Dataset entries:
● ● ● ● ● ● ●

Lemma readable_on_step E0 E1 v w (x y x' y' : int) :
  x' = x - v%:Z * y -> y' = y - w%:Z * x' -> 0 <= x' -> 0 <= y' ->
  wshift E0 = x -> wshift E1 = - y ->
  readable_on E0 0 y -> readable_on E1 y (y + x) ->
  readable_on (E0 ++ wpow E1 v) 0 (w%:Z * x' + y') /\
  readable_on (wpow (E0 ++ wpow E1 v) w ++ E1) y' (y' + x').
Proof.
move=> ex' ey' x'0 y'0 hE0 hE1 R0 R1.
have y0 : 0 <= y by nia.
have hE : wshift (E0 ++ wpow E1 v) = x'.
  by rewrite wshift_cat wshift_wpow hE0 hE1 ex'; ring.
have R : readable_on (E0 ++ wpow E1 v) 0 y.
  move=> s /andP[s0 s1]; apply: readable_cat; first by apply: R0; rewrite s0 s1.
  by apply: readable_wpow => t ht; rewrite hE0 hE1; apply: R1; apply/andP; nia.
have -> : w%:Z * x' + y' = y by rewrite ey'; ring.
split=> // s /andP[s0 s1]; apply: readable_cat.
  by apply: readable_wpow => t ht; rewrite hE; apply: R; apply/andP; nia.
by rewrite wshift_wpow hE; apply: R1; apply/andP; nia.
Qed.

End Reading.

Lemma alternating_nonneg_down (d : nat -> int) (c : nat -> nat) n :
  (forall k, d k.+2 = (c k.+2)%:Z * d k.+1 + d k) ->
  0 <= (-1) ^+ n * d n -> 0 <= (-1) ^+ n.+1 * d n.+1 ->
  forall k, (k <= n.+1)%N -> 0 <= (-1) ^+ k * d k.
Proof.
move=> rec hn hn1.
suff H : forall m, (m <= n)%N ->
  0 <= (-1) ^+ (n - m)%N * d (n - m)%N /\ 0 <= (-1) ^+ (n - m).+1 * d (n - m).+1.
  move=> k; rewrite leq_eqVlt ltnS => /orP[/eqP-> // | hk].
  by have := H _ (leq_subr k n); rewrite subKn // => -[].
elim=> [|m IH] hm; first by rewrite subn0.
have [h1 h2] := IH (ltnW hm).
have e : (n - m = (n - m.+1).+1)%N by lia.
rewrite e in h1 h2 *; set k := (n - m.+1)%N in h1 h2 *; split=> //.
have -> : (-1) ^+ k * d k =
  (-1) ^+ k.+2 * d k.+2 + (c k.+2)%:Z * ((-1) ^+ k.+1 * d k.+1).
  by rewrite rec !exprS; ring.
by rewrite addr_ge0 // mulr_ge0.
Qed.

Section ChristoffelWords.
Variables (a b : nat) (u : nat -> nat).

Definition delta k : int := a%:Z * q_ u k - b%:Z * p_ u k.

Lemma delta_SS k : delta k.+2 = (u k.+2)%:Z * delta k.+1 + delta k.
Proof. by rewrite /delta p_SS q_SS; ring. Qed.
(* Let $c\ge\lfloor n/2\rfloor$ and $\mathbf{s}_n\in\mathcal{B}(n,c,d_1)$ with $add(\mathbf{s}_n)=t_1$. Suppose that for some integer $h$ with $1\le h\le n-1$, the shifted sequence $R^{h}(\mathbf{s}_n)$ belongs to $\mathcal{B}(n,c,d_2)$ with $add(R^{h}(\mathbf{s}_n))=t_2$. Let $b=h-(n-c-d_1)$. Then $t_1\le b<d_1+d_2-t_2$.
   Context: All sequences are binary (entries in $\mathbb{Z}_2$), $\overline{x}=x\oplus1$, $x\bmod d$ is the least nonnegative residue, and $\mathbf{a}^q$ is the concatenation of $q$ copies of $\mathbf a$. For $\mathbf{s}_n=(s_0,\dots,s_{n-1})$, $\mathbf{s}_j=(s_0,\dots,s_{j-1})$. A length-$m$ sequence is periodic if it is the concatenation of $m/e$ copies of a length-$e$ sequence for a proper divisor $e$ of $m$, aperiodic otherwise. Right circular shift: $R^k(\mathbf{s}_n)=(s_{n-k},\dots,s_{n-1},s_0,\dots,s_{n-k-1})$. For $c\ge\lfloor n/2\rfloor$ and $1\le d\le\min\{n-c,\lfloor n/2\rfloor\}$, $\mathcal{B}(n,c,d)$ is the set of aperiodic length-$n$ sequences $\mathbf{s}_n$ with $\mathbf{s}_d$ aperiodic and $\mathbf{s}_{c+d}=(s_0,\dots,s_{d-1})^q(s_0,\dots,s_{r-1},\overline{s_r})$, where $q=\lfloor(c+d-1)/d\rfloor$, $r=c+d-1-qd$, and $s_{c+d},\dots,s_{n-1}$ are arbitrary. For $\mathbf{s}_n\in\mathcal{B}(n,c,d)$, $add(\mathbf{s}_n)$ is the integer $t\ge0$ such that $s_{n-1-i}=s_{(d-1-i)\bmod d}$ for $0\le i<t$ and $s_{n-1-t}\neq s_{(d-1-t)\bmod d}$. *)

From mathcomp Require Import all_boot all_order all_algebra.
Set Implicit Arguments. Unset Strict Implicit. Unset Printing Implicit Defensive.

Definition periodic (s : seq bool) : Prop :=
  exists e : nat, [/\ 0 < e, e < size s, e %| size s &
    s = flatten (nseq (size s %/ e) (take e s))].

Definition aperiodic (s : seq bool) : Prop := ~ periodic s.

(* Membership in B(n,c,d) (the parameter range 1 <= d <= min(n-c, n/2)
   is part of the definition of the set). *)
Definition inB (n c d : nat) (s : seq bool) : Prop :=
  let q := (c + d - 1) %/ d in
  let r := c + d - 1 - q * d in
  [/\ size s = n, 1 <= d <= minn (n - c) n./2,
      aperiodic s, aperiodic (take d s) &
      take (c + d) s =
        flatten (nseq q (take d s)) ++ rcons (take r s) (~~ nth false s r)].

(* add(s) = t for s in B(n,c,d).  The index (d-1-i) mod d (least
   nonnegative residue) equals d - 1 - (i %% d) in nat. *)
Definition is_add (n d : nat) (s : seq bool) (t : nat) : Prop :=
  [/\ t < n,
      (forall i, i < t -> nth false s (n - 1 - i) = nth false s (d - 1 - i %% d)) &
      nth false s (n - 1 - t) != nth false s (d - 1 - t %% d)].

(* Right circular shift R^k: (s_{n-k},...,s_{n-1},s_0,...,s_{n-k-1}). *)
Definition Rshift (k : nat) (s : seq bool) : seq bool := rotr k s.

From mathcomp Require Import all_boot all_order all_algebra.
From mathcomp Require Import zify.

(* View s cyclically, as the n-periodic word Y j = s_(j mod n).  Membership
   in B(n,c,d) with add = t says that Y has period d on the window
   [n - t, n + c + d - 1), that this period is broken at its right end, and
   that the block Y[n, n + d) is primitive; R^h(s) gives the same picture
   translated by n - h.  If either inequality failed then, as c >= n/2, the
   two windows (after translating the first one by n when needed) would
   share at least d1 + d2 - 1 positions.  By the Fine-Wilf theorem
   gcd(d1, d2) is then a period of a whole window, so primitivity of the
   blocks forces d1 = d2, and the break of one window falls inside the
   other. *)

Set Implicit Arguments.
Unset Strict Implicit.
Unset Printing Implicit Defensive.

● ● ● ● ● ● ●

* Problem description: Using the entries above, please restate each one word for word.

* Answer to the problem:
Lemma readable_on_step E0 E1 v w (x y x' y' : int) :
  x' = x - v%:Z * y -> y' = y - w%:Z * x' -> 0 <= x' -> 0 <= y' ->
  wshift E0 = x -> wshift E1 = - y ->
  readable_on E0 0 y -> readable_on E1 y (y + x) ->
  readable_on (E0 ++ wpow E1 v) 0 (w%:Z * x' + y') /\
  readable_on (wpow (E0 ++ wpow E1 v) w ++ E1) y' (y' + x').
Proof.
move=> ex' ey' x'0 y'0 hE0 hE1 R0 R1.
have y0 : 0 <= y by nia.
have hE : wshift (E0 ++ wpow E1 v) = x'.
  by rewrite wshift_cat wshift_wpow hE0 hE1 ex'; ring.
have R : readable_on (E0 ++ wpow E1 v) 0 y.
  move=> s /andP[s0 s1]; apply: readable_cat; first by apply: R0; rewrite s0 s1.
  by apply: readable_wpow => t ht; rewrite hE0 hE1; apply: R1; apply/andP; nia.
have -> : w%:Z * x' + y' = y by rewrite ey'; ring.
split=> // s /andP[s0 s1]; apply: readable_cat.
  by apply: readable_wpow => t ht; rewrite hE; apply: R; apply/andP; nia.
by rewrite wshift_wpow hE; apply: R1; apply/andP; nia.
Qed.

End Reading.

Lemma alternating_nonneg_down (d : nat -> int) (c : nat -> nat) n :
  (forall k, d k.+2 = (c k.+2)%:Z * d k.+1 + d k) ->
  0 <= (-1) ^+ n * d n -> 0 <= (-1) ^+ n.+1 * d n.+1 ->
  forall k, (k <= n.+1)%N -> 0 <= (-1) ^+ k * d k.
Proof.
move=> rec hn hn1.
suff H : forall m, (m <= n)%N ->
  0 <= (-1) ^+ (n - m)%N * d (n - m)%N /\ 0 <= (-1) ^+ (n - m).+1 * d (n - m).+1.
  move=> k; rewrite leq_eqVlt ltnS => /orP[/eqP-> // | hk].
  by have := H _ (leq_subr k n); rewrite subKn // => -[].
elim=> [|m IH] hm; first by rewrite subn0.
have [h1 h2] := IH (ltnW hm).
have e : (n - m = (n - m.+1).+1)%N by lia.
rewrite e in h1 h2 *; set k := (n - m.+1)%N in h1 h2 *; split=> //.
have -> : (-1) ^+ k * d k =
  (-1) ^+ k.+2 * d k.+2 + (c k.+2)%:Z * ((-1) ^+ k.+1 * d k.+1).
  by rewrite rec !exprS; ring.
by rewrite addr_ge0 // mulr_ge0.
Qed.

Section ChristoffelWords.
Variables (a b : nat) (u : nat -> nat).

Definition delta k : int := a%:Z * q_ u k - b%:Z * p_ u k.

Lemma delta_SS k : delta k.+2 = (u k.+2)%:Z * delta k.+1 + delta k.
Proof. by rewrite /delta p_SS q_SS; ring. Qed.
(* Let $c\ge\lfloor n/2\rfloor$ and $\mathbf{s}_n\in\mathcal{B}(n,c,d_1)$ with $add(\mathbf{s}_n)=t_1$. Suppose that for some integer $h$ with $1\le h\le n-1$, the shifted sequence $R^{h}(\mathbf{s}_n)$ belongs to $\mathcal{B}(n,c,d_2)$ with $add(R^{h}(\mathbf{s}_n))=t_2$. Let $b=h-(n-c-d_1)$. Then $t_1\le b<d_1+d_2-t_2$.
   Context: All sequences are binary (entries in $\mathbb{Z}_2$), $\overline{x}=x\oplus1$, $x\bmod d$ is the least nonnegative residue, and $\mathbf{a}^q$ is the concatenation of $q$ copies of $\mathbf a$. For $\mathbf{s}_n=(s_0,\dots,s_{n-1})$, $\mathbf{s}_j=(s_0,\dots,s_{j-1})$. A length-$m$ sequence is periodic if it is the concatenation of $m/e$ copies of a length-$e$ sequence for a proper divisor $e$ of $m$, aperiodic otherwise. Right circular shift: $R^k(\mathbf{s}_n)=(s_{n-k},\dots,s_{n-1},s_0,\dots,s_{n-k-1})$. For $c\ge\lfloor n/2\rfloor$ and $1\le d\le\min\{n-c,\lfloor n/2\rfloor\}$, $\mathcal{B}(n,c,d)$ is the set of aperiodic length-$n$ sequences $\mathbf{s}_n$ with $\mathbf{s}_d$ aperiodic and $\mathbf{s}_{c+d}=(s_0,\dots,s_{d-1})^q(s_0,\dots,s_{r-1},\overline{s_r})$, where $q=\lfloor(c+d-1)/d\rfloor$, $r=c+d-1-qd$, and $s_{c+d},\dots,s_{n-1}$ are arbitrary. For $\mathbf{s}_n\in\mathcal{B}(n,c,d)$, $add(\mathbf{s}_n)$ is the integer $t\ge0$ such that $s_{n-1-i}=s_{(d-1-i)\bmod d}$ for $0\le i<t$ and $s_{n-1-t}\neq s_{(d-1-t)\bmod d}$. *)

From mathcomp Require Import all_boot all_order all_algebra.
Set Implicit Arguments. Unset Strict Implicit. Unset Printing Implicit Defensive.

Definition periodic (s : seq bool) : Prop :=
  exists e : nat, [/\ 0 < e, e < size s, e %| size s &
    s = flatten (nseq (size s %/ e) (take e s))].

Definition aperiodic (s : seq bool) : Prop := ~ periodic s.

(* Membership in B(n,c,d) (the parameter range 1 <= d <= min(n-c, n/2)
   is part of the definition of the set). *)
Definition inB (n c d : nat) (s : seq bool) : Prop :=
  let q := (c + d - 1) %/ d in
  let r := c + d - 1 - q * d in
  [/\ size s = n, 1 <= d <= minn (n - c) n./2,
      aperiodic s, aperiodic (take d s) &
      take (c + d) s =
        flatten (nseq q (take d s)) ++ rcons (take r s) (~~ nth false s r)].

(* add(s) = t for s in B(n,c,d).  The index (d-1-i) mod d (least
   nonnegative residue) equals d - 1 - (i %% d) in nat. *)
Definition is_add (n d : nat) (s : seq bool) (t : nat) : Prop :=
  [/\ t < n,
      (forall i, i < t -> nth false s (n - 1 - i) = nth false s (d - 1 - i %% d)) &
      nth false s (n - 1 - t) != nth false s (d - 1 - t %% d)].

(* Right circular shift R^k: (s_{n-k},...,s_{n-1},s_0,...,s_{n-k-1}). *)
Definition Rshift (k : nat) (s : seq bool) : seq bool := rotr k s.

From mathcomp Require Import all_boot all_order all_algebra.
From mathcomp Require Import zify.

(* View s cyclically, as the n-periodic word Y j = s_(j mod n).  Membership
   in B(n,c,d) with add = t says that Y has period d on the window
   [n - t, n + c + d - 1), that this period is broken at its right end, and
   that the block Y[n, n + d) is primitive; R^h(s) gives the same picture
   translated by n - h.  If either inequality failed then, as c >= n/2, the
   two windows (after translating the first one by n when needed) would
   share at least d1 + d2 - 1 positions.  By the Fine-Wilf theorem
   gcd(d1, d2) is then a period of a whole window, so primitivity of the
   blocks forces d1 = d2, and the break of one window falls inside the
   other. *)

Set Implicit Arguments.
Unset Strict Implicit.
Unset Printing Implicit Defensive.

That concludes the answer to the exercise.